(* Let $SG$ be a signed graph and $e,e'$ two distinct parallel edges of $SG$ with the same sign (parallel meaning they join the same pair of vertices, where the two endpoints may coincide, i.e. both may be loops at the same vertex). Then for all $i$, $H^i(SG)\cong H^i(SG-e')$ and $H^i_b(SG)\cong H^i_b(SG-e')$.
   Context: Signed graphs: $SG=(G,\sigma)$, $G$ finite (loops, multiple edges allowed), $\sigma:E(G)\to\{\pm1\}$; $SG-e'$ deletes $e'$. Negative circuit: product of edge signs $-1$ (a loop is a circuit of one edge); balanced = no negative circuit. $[G:s]$, $[SG:s]$: spanning subgraph with edge set $s$. Complexes: Fix a total order on $E(G)$. An enhanced state of $G$ is $S=(s,c)$, $c$ labels each component of $[G:s]$ by $1$ or $x$; $j(S)$ = number of $x$-labels (grading). With $m(1,1)=1$, $m(1,x)=m(x,1)=x$, $m(x,x)=0$: for $a\notin s$, $S_a=(s\cup\{a\},c_a)$ where a component containing both ends of $a$ keeps its label and if $a$ joins components $E_i,E_j$ the merged one gets $m(c(E_i),c(E_j))$ ($S_a=0$ if both are $x$). $d(S)=\sum_{a\notin s}(-1)^{n(a)}S_a$, $n(a)$ = number of edges of $s$ preceding $a$. $H^i(SG)$: cohomology of $C^\bullet(SG)$, free on enhanced states whose $c$ assigns $1$ to every unbalanced component of $[SG:s]$, differential $d_s=f\circ d$ with $f$ projecting onto these states. $H^i_b(SG)$: cohomology of $C^\bullet_b(SG)$, free on enhanced states with $[SG:s]$ balanced, differential $d_b=f_b\circ d$, $f_b$ the analogous projection. *)

From HB Require Import structures.
From mathcomp Require Import all_boot all_order all_algebra.
Set Implicit Arguments. Unset Strict Implicit. Unset Printing Implicit Defensive.
Import GRing.Theory.

(* A finite signed graph with vertex set V and edge set [edges] inside the
   ambient totally ordered set 'I_m (the total order on E(G) is the order of
   'I_m).  Each edge a has endpoints [src a], [tgt a] (possibly equal: loop);
   multiple edges are allowed.  [neg a] = true iff sigma(a) = -1. *)
Record sgraph (V : finType) (m : nat) := SGraph {
  edges : {set 'I_m};
  src : 'I_m -> V;
  tgt : 'I_m -> V;
  neg : 'I_m -> bool }.

Definition delete_edge V m (G : sgraph V m) (e' : 'I_m) : sgraph V m :=
  SGraph (edges G :\ e') (@src V m G) (@tgt V m G) (@neg V m G).

Definition parallel V m (G : sgraph V m) (e e' : 'I_m) : bool :=
  ((src G e == src G e') && (tgt G e == tgt G e'))
  || ((src G e == tgt G e') && (tgt G e == src G e')).

Section SignedGraphComplexes.
Variables (V : finType) (m : nat) (G : sgraph V m).

Definition joins (a : 'I_m) (x y : V) : bool :=
  ((src G a == x) && (tgt G a == y)) || ((src G a == y) && (tgt G a == x)).

Definition adj (s : {set 'I_m}) : rel V := fun x y => [exists a in s, joins a x y].
Definition conn (s : {set 'I_m}) : rel V := connect (adj s).
Definition component (s : {set 'I_m}) (w : V) : {set V} := [set y | conn s w y].

(* (es, vs) is a circuit of [G : s]: distinct edges es_0..es_(k-1) and distinct
   vertices vs_0..vs_(k-1), k >= 1, where es_i joins vs_i and vs_(i+1 mod k).
   (k = 1 is a loop.) *)
Definition is_circuit (s : {set 'I_m}) (es : seq 'I_m) (vs : seq V) : bool :=
  [&& 0 < size es, size vs == size es, uniq es, uniq vs,
      all (fun a => a \in s) es &
      all (fun t => joins t.1 t.2.1 t.2.2) (zip es (zip vs (rot 1 vs)))].

Definition neg_circuit (s : {set 'I_m}) (es : seq 'I_m) (vs : seq V) : Prop :=
  is_circuit s es vs /\ odd (count (neg G) es).

Definition balanced (s : {set 'I_m}) : Prop :=
  forall es vs, ~ neg_circuit s es vs.

Definition unbalanced_comp (s : {set 'I_m}) (w : V) : Prop :=
  exists es vs, neg_circuit s es vs /\ all (conn s w) vs.

(* Enhanced states.  A labelling of the components of [G : s] by 1 / x is
   encoded as a vertex function c : V -> bool (true = x) constant on the
   components of [G : s]. *)
Definition state := ({set 'I_m} * {ffun V -> bool})%type.

Definition is_enhanced (S : state) : Prop :=
  S.1 \subset edges G /\ forall u v, conn S.1 u v -> S.2 u = S.2 v.

(* i-grading |s| and j-grading: number of x-labelled components *)
Definition jdeg (S : state) : nat := #|(component S.1) @: [set w | S.2 w]|.
Definition in_degree (i j : nat) (S : state) : Prop := #|S.1| = i /\ jdeg S = j.

(* S_a (None stands for S_a = 0) *)
Definition step (S : state) (a : 'I_m) : option state :=
  let s := S.1 in let c := S.2 in
  let u := src G a in let v := tgt G a in
  if conn s u v then Some (a |: s, c)
  else if c u && c v then None
  else Some (a |: s, [ffun w => if conn s u w || conn s v w then c u || c v else c w]).

Definition npre (s : {set 'I_m}) (a : 'I_m) : nat := #|[set b in s | (b < a)%N]|.

Definition dcoef (S T : state) : int :=
  (\sum_(a in edges G :\: S.1)
     (if step S a == Some T then (-1) ^+ npre S.1 a else 0))%R.

(* the unprojected differential d, on integer chains over all states *)
Definition dfull (x : {ffun state -> int}) (T : state) : int :=
  (\sum_(S : state) x S * dcoef S T)%R.

Definition supported (P : state -> Prop) (x : {ffun state -> int}) : Prop :=
  forall S, ~ P S -> x S = 0%R.

(* Given the predicate W selecting the basis states of the complex
   (the differential being f o d with f the projection onto W-states):
   cocycles and coboundaries in bidegree (i, j). *)
Definition cocycle (W : state -> Prop) (i j : nat) (x : {ffun state -> int}) : Prop :=
  supported (fun S => W S /\ in_degree i j S) x /\
  forall T, W T -> dfull x T = 0%R.

Definition coboundary (W : state -> Prop) (i j : nat) (x : {ffun state -> int}) : Prop :=
  supported (fun S => W S /\ in_degree i j S) x /\
  match i with
  | 0 => x = 0%R
  | i'.+1 => exists y, supported (fun S => W S /\ in_degree i' j S) y /\
                       forall T, W T -> x T = dfull y T
  end.

(* basis states of C(SG): c assigns 1 to every unbalanced component *)
Definition W_SG (S : state) : Prop :=
  is_enhanced S /\ forall w, unbalanced_comp S.1 w -> S.2 w = false.

Definition W_b (S : state) : Prop := is_enhanced S /\ balanced S.1.

End SignedGraphComplexes.

(* Z1/B1 is isomorphic (as an abelian group) to Z2/B2: there are additive maps
   between the cocycle groups preserving coboundaries whose induced maps on the
   quotients are mutually inverse. *)
Definition quot_iso (K1 K2 : finType)
  (Z1 B1 : {ffun K1 -> int} -> Prop) (Z2 B2 : {ffun K2 -> int} -> Prop) : Prop :=
  exists (f : {ffun K1 -> int} -> {ffun K2 -> int})
         (g : {ffun K2 -> int} -> {ffun K1 -> int}),
  [/\ (forall x, Z1 x -> Z2 (f x)),
      (forall x y, Z1 x -> Z1 y -> f (x + y)%R = (f x + f y)%R) &
      (forall x, B1 x -> B2 (f x))] /\
  [/\ (forall y, Z2 y -> Z1 (g y)),
      (forall x y, Z2 x -> Z2 y -> g (x + y)%R = (g x + g y)%R) &
      (forall y, B2 y -> B1 (g y))] /\
  (forall x, Z1 x -> B1 (g (f x) - x)%R) /\
  (forall y, Z2 y -> B2 (f (g y) - y)%R).

Definition H_iso V m (G1 G2 : sgraph V m) (i j : nat) : Prop :=
  quot_iso (cocycle G1 (W_SG G1) i j) (coboundary G1 (W_SG G1) i j)
           (cocycle G2 (W_SG G2) i j) (coboundary G2 (W_SG G2) i j).

Definition Hb_iso V m (G1 G2 : sgraph V m) (i j : nat) : Prop :=
  quot_iso (cocycle G1 (W_b G1) i j) (coboundary G1 (W_b G1) i j)
           (cocycle G2 (W_b G2) i j) (coboundary G2 (W_b G2) i j).

From mathcomp Require Import all_boot all_order all_algebra zify ring.
Set Implicit Arguments. Unset Strict Implicit. Unset Printing Implicit Defensive.
Import GRing.Theory Num.Theory.
Local Open Scope ring_scope.

(* Let e, e' be distinct parallel edges of SG with the same sign and let D be
   SG - e'.  Basis states of C(D) (resp. C_b(D)) are exactly the basis states
   of C(SG) (resp. C_b(SG)) not containing e'.  The proof builds chain maps

     restrict : C(SG) -> C(D)   (forget the states containing e'),
     lift     : C(D) -> C(SG)   (keep states without e'; a state with e' but
                                 without e receives, up to sign, the value of
                                 its image under the transposition e <-> e'),

   with restrict o lift = id and lift o restrict homotopic to the identity;
   the homotopy pairs a state s containing e' but not e with e |: s, which has
   the same components since e' already joins the ends of e.

   Since no negative circuit passes through both e and
   e', the bases of C and C_b are such families, which gives the theorem. *)

Section Differential.
Variables (V : finType) (m : nat) (H : sgraph V m).
Local Notation state := (state V m).
Implicit Types (S T : state).

Lemma step_edges S a T : step H S a = Some T -> T.1 = a |: S.1.
Proof. by rewrite /step; case: ifP => [_ [<-] //|_]; case: ifP => // _ [<-]. Qed.

Lemma dcoefE S T a : a \in edges H -> a \notin S.1 -> T.1 = a |: S.1 ->
  dcoef H S T = if step H S a == Some T then (-1) ^+ npre S.1 a else 0.
Proof.
move=> aE aS TE; rewrite /dcoef (bigD1 a) ?inE ?aE ?aS //= big1 ?addr0 //.
move=> b /andP[bS ba]; case: eqP => // /step_edges; rewrite TE => E.
have: b \in b |: S.1 by rewrite setU11.
by rewrite -E !inE (negbTE ba); move: bS; rewrite !inE => /andP[/negbTE ->].
Qed.

Lemma dcoef_eq0 S T :
  (forall a, a \in edges H -> a \notin S.1 -> T.1 != a |: S.1) -> dcoef H S T = 0.
Proof.
move=> noedge; rewrite /dcoef big1 // => a; rewrite !inE => /andP[aS aE].
by case: eqP => // /step_edges TE; move: (noedge a aE aS); rewrite TE eqxx.
Qed.

Lemma dcoef_lost S T a : a \in S.1 -> a \notin T.1 -> dcoef H S T = 0.
Proof.
move=> aS aT; apply: dcoef_eq0 => b _ _; apply/eqP => TE.
by move: aT; rewrite TE !inE aS orbT.
Qed.

Lemma dfullB (x y : {ffun state -> int}) T :
  dfull H (x - y) T = dfull H x T - dfull H y T.
Proof. by rewrite /dfull -sumrB; apply: eq_bigr => S _; rewrite !ffunE mulrBl. Qed.

Lemma dfull0 T : dfull H 0 T = 0.
Proof. by rewrite /dfull big1 // => S _; rewrite ffunE mul0r. Qed.

End Differential.

Lemma added_edge m (a x : 'I_m) (s T : {set 'I_m}) : T = a |: s -> x \in T -> x \notin s -> x = a.
Proof. by move=> -> /setU1P[//|xs]; rewrite xs. Qed.

Lemma npreU1 m (a b : 'I_m) (s : {set 'I_m}) : a \notin s -> npre (a |: s) b = (npre s b + (a < b))%N.
Proof.
move=> aNs; rewrite /npre.
have -> : [set x in a |: s | (x < b)%N] =
   if (a < b)%N then a |: [set x in s | (x < b)%N] else [set x in s | (x < b)%N].
  apply/setP=> x; rewrite !inE; case: (eqVneq x a) => [->|xa] /=.
    by case: ifP => ab; rewrite !inE ?eqxx ?(negbTE aNs) ?ab.
  by case: ifP => _; rewrite !inE ?(negbTE xa).
case: ifP => ab; last by rewrite addn0.
by rewrite cardsU1 !inE (negbTE aNs) addnC.
Qed.

Lemma ltn_ordC m (a b : 'I_m) : a != b -> (a < b)%N = ~~ (b < a)%N.
Proof. by move=> ab; rewrite ltnNge leq_eqVlt negb_or eq_sym ab. Qed.

Lemma sign_odd (a b : nat) : odd a = odd b -> (-1) ^+ a = (-1) ^+ b :> int.
Proof. by move=> h; rewrite -signr_odd h signr_odd. Qed.

Lemma sign_oppS (a : nat) : - ((-1) ^+ a) = (-1) ^+ a.+1 :> int.
Proof. by rewrite exprS mulN1r. Qed.

Section Circuits.
Variables (V : finType) (m : nat) (H : sgraph V m).
Implicit Types (s : {set 'I_m}) (es : seq 'I_m) (vs : seq V).

Lemma joins_ends a x y x' y' : joins H a x y -> joins H a x' y' ->
  (x = x' /\ y = y') \/ (x = y' /\ y = x').
Proof.
by rewrite /joins; case/orP=> /andP[/eqP <- /eqP <-]; case/orP=> /andP[/eqP <- /eqP <-]; auto.
Qed.

Lemma neg_circuit_edges s es vs a : neg_circuit H s es vs -> a \in es -> a \in s.
Proof. by move=> [/and5P[_ _ _ _ /andP[/allP sub _]] _] /sub. Qed.

Lemma neg_circuit_sub s1 s2 es vs :
  s1 \subset s2 -> neg_circuit H s1 es vs -> neg_circuit H s2 es vs.
Proof.
move=> /subsetP sub [/and5P[k0 svs ues uvs /andP[aes ajs]] ng]; split=> //.
apply/and5P; split=> //; apply/andP; split=> //.
by apply/allP => a /(allP aes) /sub.
Qed.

= = =

_Assignment_:
Among the records above, repeat exactly the line with "Lemma dfull0 T : dfull H 0 T = 0.", the line with "Proof. by move=> ->", and every line in between, and only those.

_Expected answer_:
Lemma dfull0 T : dfull H 0 T = 0.
Proof. by rewrite /dfull big1 // => S _; rewrite ffunE mul0r. Qed.

End Differential.

Lemma added_edge m (a x : 'I_m) (s T : {set 'I_m}) : T = a |: s -> x \in T -> x \notin s -> x = a.
Proof. by move=> -> /setU1P[//|xs]; rewrite xs. Qed.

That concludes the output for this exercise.